A bridge too far? Aquarium: Feud with Power Plant hurts everyone, which is why mayor should intervene.

July 18, 1998

NOW IT'S getting ridiculous. Owners of the Power Plant are demanding that the city tear down a wooden pedestrian bridge linking two sections of the Inner Harbor's popular National Aquarium.

Why? Because aquarium officials allegedly acted in "bad faith" in a dispute over placement of a barge-like restaurant in the water between the two sites.

Such pressure tactics are bound to backfire. If the Power Plant owners win their case, it will inconvenience hundreds of thousands of visitors. Everyone will suffer -- the city, the aquarium and tenants at the Power Plant.

What precipitated this increasingly nasty dispute was belated disclosure of city approval for a large seafood restaurant -- resembling a Louisiana shrimp boat -- on a permanent structure in the water between the aquarium and the Power Plant piers. Aquarium officials are demonstrative in opposing the restaurant site, fearing the harm it could do to future development plans.

Just a week ago, the two sides were all smiles at the opening of the ESPN Zone in the Power Plant. Now they are trading angry letters and demanding strict adherence to legal agreements -- some of which haven't been made public.

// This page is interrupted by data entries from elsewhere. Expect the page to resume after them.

(* Let $V$ be a vector configuration and $W\subseteq V$ a subconfiguration such that $\operatorname{lin}(W)\cap V=W$. Then the following three equalities are equivalent: (i) $\mathrm{DD}(V)=\mathrm{DD}(W)+\mathrm{DD}(V/W)$; (ii) $\deg^*(V)=\deg^*(W)+\deg^*(V/W)$; (iii) $\operatorname{codeg}^*(V)=\operatorname{codeg}^*(W)+\operatorname{codeg}^*(V/W)$.
   Context: A vector configuration is a finite family (repetitions allowed) $U$ of vectors in a real vector space $E$; a subconfiguration is a subfamily, $\operatorname{rank}(U)=\dim\operatorname{lin}(U)$, cardinalities count multiplicities. The quotient $V/W$ is the configuration in $E/\operatorname{lin}(W)$ of the images of the elements of $V\setminus W$. For a nonzero linear functional $f$ on $E$, the oriented linear hyperplane $H=\{f=0\}$ has $H^+=\{f>0\}$, $\overline{H}^-=\{f\le0\}$. Dual codegree: $\operatorname{codeg}^*(U)=\min_H|\overline{H}^-\cap U|$; dual degree: $\deg^*(U)=\max_H|H^+\cap U|-\operatorname{rank}(U)$, over oriented linear hyperplanes $H$. Covector discrepancy: $\mathrm{DD}(U)=\max_f\big|\,|\{u: f(u)>0\}|-|\{u:f(u)<0\}|\,\big|$ over all linear functionals $f$. *)

From HB Require Import structures.
From mathcomp Require Import all_boot all_order all_algebra.
From mathcomp Require Import boolp reals.
Set Implicit Arguments. Unset Strict Implicit. Unset Printing Implicit Defensive.
Import Order.TTheory GRing.Theory Num.Theory.
Local Open Scope ring_scope.

(* A vector configuration in E = R^n (row vectors 'rV[R]_n) is a finite family
   indexed by a subset A of a finite index type I:  (A, U) with U : I -> 'rV_n;
   repetitions are allowed since U need not be injective, and all cardinalities
   are cardinalities of index sets, i.e. count multiplicities. *)

Section Config.
Variables (R : realType) (n : nat) (I : finType).
Implicit Types (A : {set I}) (U : I -> 'rV[R]_n) (c : 'cV[R]_n).

Definition fval c (u : 'rV[R]_n) : R := (u *m c) 0 0.

(* lin(U) as a (square) matrix whose row space is the span *)
Definition clin A U : 'M[R]_n := (\sum_(i in A) <<U i>>)%MS.
Definition crank A U : nat := \rank (clin A U).

Definition npos c A U : nat := #|[set i in A | 0 < fval c (U i)]|.
Definition nneg c A U : nat := #|[set i in A | fval c (U i) < 0]|.
Definition nnonpos c A U : nat := #|[set i in A | fval c (U i) <= 0]|.

(* dual codegree: min over oriented linear hyperplanes {f = 0} (f <> 0)
   of |closed negative side ∩ U|  (fallback #|A| if there is no hyperplane,
   i.e. n = 0) *)
Definition codeg_star A U : nat :=
  \big[minn/#|A|]_(k < #|A|.+1 | `[< exists c, c != 0 /\ nnonpos c A U = k >])
     (k : nat).

Definition deg_star A U : int :=
  (\max_(k < #|A|.+1 | `[< exists c, c != 0 /\ npos c A U = k >]) (k : nat))%:Z
  - (crank A U)%:Z.

Definition DD A U : nat :=
  \max_(k < #|A|.+1 |
     `[< exists c, `|(npos c A U)%:Z - (nneg c A U)%:Z|%N = k >]) (k : nat).

(* quotient V/W, W = (S, V): the map E -> E/lin(W) is realized concretely
   as u |-> u *m cokermx (clin S V), whose kernel is exactly lin(W)
   (mathcomp: submxE).  V/W is indexed by ~: S. *)
Definition qmap S U : 'M[R]_n := cokermx (clin S U).
Definition quot S U : I -> 'rV[R]_n := fun i => U i *m qmap S U.

End Config.

From HB Require Import structures.
From mathcomp Require Import all_boot all_order all_algebra.
From mathcomp Require Import boolp reals.
From mathcomp Require Import lra zify.
Import Order.TTheory GRing.Theory Num.Theory.
Local Open Scope ring_scope.

(* All three invariants are affine in the same few quantities.  Passing to
   complementary half-spaces gives deg^*(U) = |U| - codeg^*(U) - rank(U), and
   DD(U) = |U| + z(U) - 2 codeg^*(U), where z(U) counts the zero vectors: adding a
   small generic functional to f breaks the ties on the hyperplane of f in the
   favourable direction.  Cardinality and rank are additive over W and V/W, and
   lin(W) ∩ V = W puts every zero vector of V into W and none into V/W, so each of
   (i), (ii), (iii) is equivalent to the additivity of codeg^*. *)

Lemma small_perturbation {R : realFieldType} (s : seq (R * R)) :
  exists2 e : R, 0 < e & forall p, p \in s -> p.1 != 0 -> e * `|p.2| < `|p.1|.
Proof.
elim: s => [|[a b] s [e e0 He]]; first by exists 1.
have [->|a0] := eqVneq a 0.
  by exists e => // p; rewrite inE => /orP[/eqP-> /=|/He//]; rewrite eqxx.
have b1 : 0 < `|b| + 1 by rewrite ltr_wpDl.
set t := `|a| / (`|b| + 1).
have t0 : 0 < t by rewrite divr_gt0 ?normr_gt0.
have ta : t * (`|b| + 1) = `|a| by rewrite divfK ?gt_eqF.
exists (Num.min e t); first by rewrite lt_min e0.
move=> p; rewrite inE => /orP[/eqP-> _ /=|ps p0].
  have : Num.min e t <= t by rewrite ge_min lexx orbT.
  have := normr_ge0 b; nra.
have : Num.min e t <= e by rewrite ge_min lexx.
have := He p ps p0; have := normr_ge0 p.2; nra.
Qed.

Lemma le0_perturb {R : realFieldType} (a b : R) :
  `|b| < `|a| -> (a + b <= 0) = (a <= 0).
Proof.
case: (ltrgtP a 0) => ha; last by rewrite ha normr0 normr_lt0.
- by rewrite (ltr0_norm ha) ltr_norml => /andP[_ hb]; apply/idP; lra.
- by rewrite (gtr0_norm ha) ltr_norml => /andP[hb _]; apply/negbTE; lra.
Qed.

Section Counting.
Context {R : realType} {n : nat} {I : finType}.
Implicit Types (A : {set I}) (U : I -> 'rV[R]_n) (c h : 'cV[R]_n) (u : 'rV[R]_n).

Lemma fvalDl c h u : fval (c + h) u = fval c u + fval h u.
Proof. by rewrite /fval mulmxDr mxE. Qed.

Lemma fvalZl a c u : fval (a *: c) u = a * fval c u.
Proof. by rewrite /fval -scalemxAr mxE. Qed.

Lemma fvalNl c u : fval (- c) u = - fval c u.
Proof. by rewrite /fval mulmxN mxE. Qed.

Lemma fval0l u : fval 0 u = 0.
Proof. by rewrite /fval mulmx0 mxE. Qed.

Lemma fval0r c : fval c 0 = 0.
Proof. by rewrite /fval mul0mx mxE. Qed.

Lemma cV_dim0 c : n = 0%N -> c = 0.
Proof. by move=> n0; apply/matrixP => i; have := ltn_ord i; rewrite {2}n0. Qed.

Lemma fval_trmx_gt0 u : u != 0 -> 0 < fval u^T u.
Proof.
move=> u0; rewrite /fval mxE lt0r.
have sq_ge0 j : 0 <= u 0 j * u^T j 0 by rewrite mxE -expr2 sqr_ge0.
rewrite sumr_ge0 // andbT; apply: contra u0 => /eqP/psumr_eq0P sq0.
apply/eqP/matrixP => i j; rewrite (ord1 i) mxE.
by have /eqP := sq0 (fun j _ => sq_ge0 j) j isT; rewrite mxE mulf_eq0 orbb => /eqP.
Qed.

(* Inductively, if [g] vanishes on a nonzero [u], move it slightly towards [u^T]. *)
Lemma exists_generic_functional (s : seq 'rV[R]_n) :
  exists g, forall u, u \in s -> u != 0 -> fval g u != 0.
Proof.
elim: s => [|u s [g Hg]]; first by exists 0.
have [gu0|gu] := eqVneq (fval g u) 0; last first.
  by exists g => w; rewrite inE => /orP[/eqP->|/Hg].
have [u0|u0] := eqVneq u 0.
  by exists g => w; rewrite inE => /orP[/eqP->|/Hg//]; rewrite u0 eqxx.
have [e e0 He] := small_perturbation [seq (fval g w, fval u^T w) | w <- s].
exists (g + e *: u^T) => w; rewrite inE fvalDl fvalZl => /orP[/eqP->|ws] w0.
  by rewrite gu0 add0r mulf_neq0 ?gt_eqF ?fval_trmx_gt0.
have /He /= small := map_f (fun w => (fval g w, fval u^T w)) ws.
apply: contraTneq (small (Hg w ws w0)) => /eqP; rewrite addr_eq0 => /eqP->.
by rewrite normrN normrM (gtr0_norm e0) ltxx.
Qed.

Definition nzero A U : nat := #|[set i in A | U i == 0]|.
Definition nnull c A U : nat := #|[set i in A | (U i != 0) && (fval c (U i) == 0)]|.

Lemma card_set_sum A (P : pred I) : #|[set i in A | P i]| = (\sum_(i in A) P i)%N.
Proof.
rewrite -sum1_card big_mkcond [RHS]big_mkcond; apply: eq_bigr => i _.
by rewrite !inE; case: (i \in A); case: (P i).
Qed.

Lemma card_set_le A (P : pred I) : (#|[set i in A | P i]| <= #|A|)%N.
Proof. by apply/subset_leq_card/subsetP => i; rewrite inE => /andP[]. Qed.

Lemma npos_nnonpos c A U : (npos c A U + nnonpos c A U)%N = #|A|.
Proof.
rewrite /npos /nnonpos !card_set_sum -big_split -sum1_card.
by apply: eq_bigr => i _; case: ltrP.
Qed.

Lemma nnonpos_split c A U : nnonpos c A U = (nneg c A U + nzero A U + nnull c A U)%N.
Proof.
rewrite /nnonpos /nneg /nzero /nnull !card_set_sum -!big_split /=.
apply: eq_bigr => i _; case: eqVneq => [->|_]; first by rewrite fval0r ltxx lexx.
by case: ltrgtP.
Qed.

Lemma nposN c A U : npos (- c) A U = nneg c A U.
Proof. by apply: eq_card => i; rewrite !inE fvalNl oppr_gt0. Qed.

Lemma nnegN c A U : nneg (- c) A U = npos c A U.
Proof. by apply: eq_card => i; rewrite !inE fvalNl oppr_lt0. Qed.

Lemma npos0 A U : npos 0 A U = 0%N.
Proof. by apply: eq_card0 => i; rewrite !inE fval0l ltxx andbF. Qed.

Lemma nneg0 A U : nneg 0 A U = 0%N.
Proof. by apply: eq_card0 => i; rewrite !inE fval0l ltxx andbF. Qed.

Lemma nnonpos0 A U : nnonpos 0 A U = #|A|.
Proof. by apply: eq_card => i; rewrite !inE fval0l lexx andbT. Qed.

Lemma codeg_star_le c A U : (codeg_star A U <= nnonpos c A U)%N.
Proof.
rewrite /codeg_star -minEnat -leEnat; have [->|c0] := eqVneq c 0.
  by rewrite nnonpos0; apply: bigmin_le_id.
have lt : (nnonpos c A U < #|A|.+1)%N by rewrite ltnS card_set_le.
by apply: (bigmin_le_cond _ (j := Ordinal lt)); apply/asboolP; exists c.
Qed.

Lemma codeg_star_attained A U : (0 < n)%N ->
  exists2 c, c != 0 & nnonpos c A U = codeg_star A U.
Proof.
move=> n_gt0; pose one : 'cV[R]_n := const_mx 1.
have one_neq0 : one != 0.
  by apply/eqP => /matrixP/(_ (Ordinal n_gt0) 0)/eqP; rewrite !mxE oner_eq0.
have lt : (nnonpos one A U < #|A|.+1)%N by rewrite ltnS card_set_le.
pose P (k : 'I_#|A|.+1) := `[< exists c, c != 0 /\ nnonpos c A U = k >].
have P_one : P (Ordinal lt) by apply/asboolP; exists one.
rewrite /codeg_star -minEnat.
have [k /asboolP[c [c0 ck]] ->] := eq_bigmin _ P (fun k : 'I_#|A|.+1 => k : nat) P_one
  (fun k _ => ltn_ord k).
by exists c.
Qed.

Lemma codeg_star_dim0 A U : n = 0%N -> codeg_star A U = #|A|.
Proof.
move=> n0; rewrite /codeg_star big_pred0 // => k.
by apply/asboolP => -[c [/eqP[]]]; apply: cV_dim0.
Qed.

(* [c + e h] for small [e > 0] keeps the sign of [c] off its hyperplane and takes
   the sign of [h] on it. *)
Lemma codeg_star_le_perturb c h A U :
    {in A, forall i, U i != 0 -> fval h (U i) != 0} ->
  (codeg_star A U <= nneg c A U + nzero A U
     + #|[set i in A | [&& U i != 0%R, fval c (U i) == 0%R & (fval h (U i) < 0)%R]]|)%N.
Proof.
move=> h_generic.
have [e e0 small] := small_perturbation [seq (fval c (U i), fval h (U i)) | i <- enum A].
apply: leq_trans (codeg_star_le (c + e *: h) A U) _.
rewrite /nnonpos /nneg /nzero !card_set_sum -!big_split /=; apply: leq_sum => i iA.
rewrite fvalDl fvalZl; have [->|Ui0] /= := eqVneq (U i) 0.
  by case: (_ <= 0)%R; case: (_ < 0)%R.
case: ltrgtP => [c_lt0|c_gt0|c0] /=; first by case: (_ <= 0)%R.
  have iA' : i \in enum A by rewrite mem_enum.
  have /= := small _ (map_f (fun i => (fval c (U i), fval h (U i))) iA') (lt0r_neq0 c_gt0).
  by rewrite -{1}(gtr0_norm e0) -normrM => /le0_perturb->; rewrite lt_geF.
by rewrite c0 add0r pmulr_rle0 // le_eqVlt (negbTE (h_generic i iA Ui0)).
Qed.

(* Among the nonzero vectors on the hyperplane of [c], a generic functional or its
   opposite is negative on at most half. *)
Lemma two_codeg_star_le c A U :
  (2 * codeg_star A U <= 2 * nneg c A U + 2 * nzero A U + nnull c A U)%N.
Proof.
have [g g_generic] := exists_generic_functional [seq U i | i <- enum A].
have gA : {in A, forall i, U i != 0 -> fval g (U i) != 0}.
  by move=> i iA; apply: g_generic; apply: map_f; rewrite mem_enum.
have ngA : {in A, forall i, U i != 0 -> fval (- g) (U i) != 0}.
  by move=> i iA /(gA i iA); rewrite fvalNl oppr_eq0.
pose neg_on_null h :=
  #|[set i in A | [&& U i != 0%R, fval c (U i) == 0%R & (fval h (U i) < 0)%R]]|.
have split_null : (neg_on_null g + neg_on_null (- g))%N = nnull c A U.
  rewrite /neg_on_null /nnull !card_set_sum -big_split; apply: eq_bigr => i iA /=.
  rewrite fvalNl oppr_lt0; have [Ui0|Ui0] //= := eqVneq (U i) 0.
  by have := gA i iA Ui0; case: (fval c (U i) == 0); case: ltrgtP.
have := codeg_star_le_perturb c g A U gA.
have := codeg_star_le_perturb c (- g) A U ngA.
rewrite -/(neg_on_null g) -/(neg_on_null (- g)); lia.
Qed.

Lemma DD_codeg_star A U : (DD A U + 2 * codeg_star A U)%N = (#|A| + nzero A U)%N.
Proof.
have bound c : (npos c A U)%:Z - (nneg c A U)%:Z + 2 * (codeg_star A U)%:Z
    <= (#|A| + nzero A U)%:Z.
  have := two_codeg_star_le c A U; have := npos_nnonpos c A U.
  rewrite nnonpos_split; lia.
apply/eqP; rewrite eqn_leq; apply/andP; split.
  suff : (DD A U <= #|A| + nzero A U - 2 * codeg_star A U)%N.
    by have := bound 0; rewrite npos0 nneg0; lia.
  apply/bigmax_leqP => k /asboolP[c <-].
  by have := bound c; have := bound (- c); rewrite nposN nnegN; lia.
have [n0|n_gt0] := posnP n.
  by rewrite codeg_star_dim0 // /nzero; have := card_set_le A (fun i => U i == 0); lia.
have [c _ c_min] := codeg_star_attained A U n_gt0.
have := npos_nnonpos c A U; rewrite c_min => pos_c.
have := nnonpos_split c A U; rewrite c_min => neg_c.
have lt : (`|(npos c A U)%:Z - (nneg c A U)%:Z|%N < #|A|.+1)%N by lia.
have : (`|(npos c A U)%:Z - (nneg c A U)%:Z|%N <= DD A U)%N.
  by apply: (leq_bigmax_cond (Ordinal lt)); apply/asboolP; exists c.
lia.
Qed.

Lemma deg_star_codeg_star A U :
  deg_star A U = #|A|%:Z - (codeg_star A U)%:Z - (crank A U)%:Z.
Proof.
rewrite /deg_star; have [n0|n_gt0] := posnP n.
  rewrite big_pred0 => [|k]; last first.
    by apply/asboolP => -[c [/eqP[]]]; apply: cV_dim0.
  have : (crank A U <= n)%N by apply: rank_leq_col.
  by rewrite codeg_star_dim0 //; lia.
congr (_ - _); set m := \max_(_ < _ | _) _.
suff : m = (#|A| - codeg_star A U)%N by have := codeg_star_le 0 A U; rewrite nnonpos0; lia.
apply/eqP; rewrite eqn_leq; apply/andP; split.
  apply/bigmax_leqP => k /asboolP[c [c0 <-]].
  by have := npos_nnonpos c A U; have := codeg_star_le c A U; lia.
have [c c0 c_min] := codeg_star_attained A U n_gt0.
have lt : (npos c A U < #|A|.+1)%N by rewrite ltnS card_set_le.
have : (npos c A U <= m)%N.
  by apply: (leq_bigmax_cond (Ordinal lt)); apply/asboolP; exists c.
by have := npos_nnonpos c A U; lia.
Qed.

End Counting.

Lemma kermx_cokermx {F : fieldType} {m n : nat} (B : 'M[F]_(m, n)) :
  (kermx (cokermx B) :=: B)%MS.
Proof. by apply/eqmxP/andP; rewrite sub_kermx mulmx_coker submxE mulmx_ker. Qed.

Section Quotient.
Context {R : realType} {n : nat} {I : finType}.
Variables (V : I -> 'rV[R]_n) (S : {set I}).
Hypothesis saturated : forall i, (V i <= clin S V)%MS -> i \in S.

Lemma crank_quot : crank [set: I] V = (crank S V + crank (~: S) (quot S V))%N.
Proof.
rewrite /crank /clin (big_setID S) /= setTI setTD.
set B := (\sum_(i in S) <<V i>>)%MS; set C := (\sum_(i in ~: S) <<V i>>)%MS.
rewrite -(mxrank_mul_ker (B + C)%MS (cokermx B)) addnC.
rewrite (cap_eqmx (eqmx_refl _) (kermx_cokermx B)) (capmx_idPr (addsmxSl B C)).
congr (_ + _)%N; apply/eqmx_rank/eqmxP.
apply: eqmx_trans (addsmxMr _ _ _) _; rewrite mulmx_coker.
apply: eqmx_trans (adds0mx _ _) _; apply: eqmx_trans (sumsmxMr _ _ _) _.
apply: eqmx_sums => i _; rewrite /quot /qmap /clin -/B.
exact: eqmx_trans (eqmxMr _ (genmxE _)) (eqmx_sym (genmxE _)).
Qed.

Lemma nzero_setT : nzero [set: I] V = nzero S V.
Proof.
apply: eq_card => i; rewrite !inE /=; apply/idP/andP => [Vi0|[]//].
by split=> //; apply: saturated; rewrite (eqP Vi0) sub0mx.
Qed.

Lemma nzero_quot : nzero (~: S) (quot S V) = 0%N.
Proof.
apply: eq_card0 => i; rewrite !inE; apply/negbTE/andP => -[/negP iS quot0].
by apply/iS/saturated; rewrite submxE.
Qed.

End Quotient.

Theorem mainTheorem12 (R : realType) (n : nat) (I : finType)
    (V : I -> 'rV[R]_n) (S : {set I})
    (hW : forall i : I, (V i <= clin S V)%MS -> i \in S) :
  let T := [set: I] in
  (DD T V = (DD S V + DD (~: S) (quot S V))%N <->
   deg_star T V = deg_star S V + deg_star (~: S) (quot S V)) /\
  (deg_star T V = deg_star S V + deg_star (~: S) (quot S V) <->
   codeg_star T V = (codeg_star S V + codeg_star (~: S) (quot S V))%N).
Proof.
move=> T; rewrite {}/T.
have card_T : #|[set: I]| = (#|S| + #|~: S|)%N by rewrite cardsC cardsT.
have rank_T := crank_quot V S.
have zero_T := nzero_setT V S hW; have zero_quot := nzero_quot V S hW.
have := DD_codeg_star [set: I] V; have := DD_codeg_star S V.
have := DD_codeg_star (~: S) (quot S V).
have := deg_star_codeg_star [set: I] V; have := deg_star_codeg_star S V.
have := deg_star_codeg_star (~: S) (quot S V).
split; split; lia.
Qed.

Enough already. Peace must be restored.

Mayor Kurt L. Schmoke should step in, using the prestige of his office to act as a peacemaker. Both operations draw huge numbers of visitors. They must be persuaded to work closely together, especially as the Inner Harbor approaches its busiest point of the tourist season.

The mayor should accelerate city approval of a permanent diagonal walkway for the aquarium. But the temporary wooden bridge should remain until a replacement walkway is ready.

What is most needed, though, is for the warring factions to sit down and work out their differences. Petty, vindictive actions won't solve anything.